------ EXCERPTED RECORDS ------

Lemma distorted_cyclic_subgroup_in_K (K : Grp) (SK : list K) (hSK : generates K SK (fun _ => True))
  (Hh : wreath K -> Prop) (Th : list (wreath K)) :
  iso_Z (wreath K) Hh -> generates (wreath K) Th Hh ->
  ~ simeq (dist (wreath K) (wr_gens K SK) Hh Th) (fun n => n) ->
  exists (H : wreath K -> Prop) (T : list (wreath K)),
    iso_Z (wreath K) H /\ (forall g, H g -> inK g) /\ generates (wreath K) T H /\
    simeq (dist (wreath K) (wr_gens K SK) H T) (dist (wreath K) (wr_gens K SK) Hh Th).
Proof.
  intros [phi [phi_add [phi_inj Hiff]]] HT Hdist.
  assert (EH : Hh = in_image phi).
  { apply functional_extensionality. intros g. apply propositional_extensionality. rewrite Hiff. reflexivity. }
  subst Hh.
  assert (Hnonlinear : ~ grows_linearly SK phi).
  { intros Hlin. apply Hdist. split; [exact (dist_image_linear phi_add HT phi_inj hSK Hlin)|apply preceq_id]. }
  destruct (classic (forall a b, cursor phi a = cursor phi b -> a = b)) as [Kinj|Knot].
  2: { exfalso. apply Hnonlinear, (linear_growth_of_cursor_period hSK phi_add phi_inj).
       exact (cursor_kernel_nontrivial phi_add Knot). }
  destruct (cursor_injective_dichotomy hSK phi_add Kinj) as [Hlin|[C0 HC0]]; [contradiction|].
  set (psi := fun a => embK K (cursor phi a)).
  assert (psi_add : forall a b, psi (a + b)%Z = gmul (wreath K) (psi a) (psi b)).
  { intros a b. apply wreath_ext; [reflexivity|apply (cursor_add phi_add)]. }
  assert (psi_inj : forall a b, psi a = psi b -> a = b).
  { intros a b E. apply Kinj, (f_equal snd E). }
  assert (Hpsi : forall a, word_length (wreath K) (wr_gens K SK) (psi a) = word_length K SK (cursor phi a))
    by (intros a; apply (word_length_embK hSK)).
  assert (Hcursor : forall a, word_length K SK (cursor phi a) <= word_length (wreath K) (wr_gens K SK) (phi a))
    by (intros a; apply (word_length_snd_le hSK)).
  exists (in_image psi), [psi 1%Z]. split; [|split; [|split]].
  - exists psi. split; [exact psi_add|split; [exact psi_inj|reflexivity]].
  - intros g [n <-]. exists (cursor phi n). reflexivity.
  - exact (generates_image psi_add).
  - pose proof (generates_image psi_add) as Hgen.
    split; apply (dist_image_preceq hSK); auto; exists (C0 + 3); intros a;
      specialize (HC0 a); specialize (Hpsi a); specialize (Hcursor a); lia.
Qed.

Theorem theorem1p2 (K : Grp) (SK : list K)
  (hSK : generates K SK (fun _ => True)) :
  (forall (H : wreath K -> Prop) (T : list (wreath K)),
      is_subgroup (wreath K) H -> (forall g, H g -> @inW K g) ->
      generates (wreath K) T H ->
      simeq (dist (wreath K) (@wr_gens K SK) H T) (fun n => n)) /\
  (forall (H : K -> Prop) (T : list K),
      is_subgroup K H -> generates K T H ->
      simeq (dist (wreath K) (@wr_gens K SK) (fun g => exists k, H k /\ g = @embK K k)
                  (map (@embK K) T))
            (dist K SK H T)) /\
  simeq (dist (wreath K) (@wr_gens K SK) (@inK K) (map (@embK K) SK)) (fun n => n) /\
  (forall (Hh : wreath K -> Prop) (Th : list (wreath K)),
      iso_Z (wreath K) Hh -> generates (wreath K) Th Hh ->
      ~ simeq (dist (wreath K) (@wr_gens K SK) Hh Th) (fun n => n) ->
      exists (H : wreath K -> Prop) (T : list (wreath K)),
        iso_Z (wreath K) H /\
        ((forall g, H g -> @inW K g) \/ (forall g, H g -> @inK K g)) /\
        generates (wreath K) T H /\
        simeq (dist (wreath K) (@wr_gens K SK) H T) (dist (wreath K) (@wr_gens K SK) Hh Th)).
Proof.
  split; [|split; [|split]].
  - intros H T HH HW HT. exact (dist_subgroup_W hSK HH HW HT).
  - intros H T HH HT. exact (dist_subgroup_K hSK HH HT).
  - exact (dist_K_undistorted hSK).
  - intros Hh Th Hiso HT Hdist.
    destruct (distorted_cyclic_subgroup_in_K hSK Hiso HT Hdist) as [H [T [HZ [HK [HTH Hsim]]]]].
    exists H, T. auto.
Qed.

------

* THE TASK:
The response should be the listing above, limited to the lines between the one holding "simeq (dist (wreath K) (@wr_gens K SK) H T) (fun" and the one holding "(map (@embK K) T))", inclusive, reproduced exactly.

* SOLUTION TO THIS PROBLEM:
      simeq (dist (wreath K) (@wr_gens K SK) H T) (fun n => n)) /\
  (forall (H : K -> Prop) (T : list K),
      is_subgroup K H -> generates K T H ->
      simeq (dist (wreath K) (@wr_gens K SK) (fun g => exists k, H k /\ g = @embK K k)
                  (map (@embK K) T))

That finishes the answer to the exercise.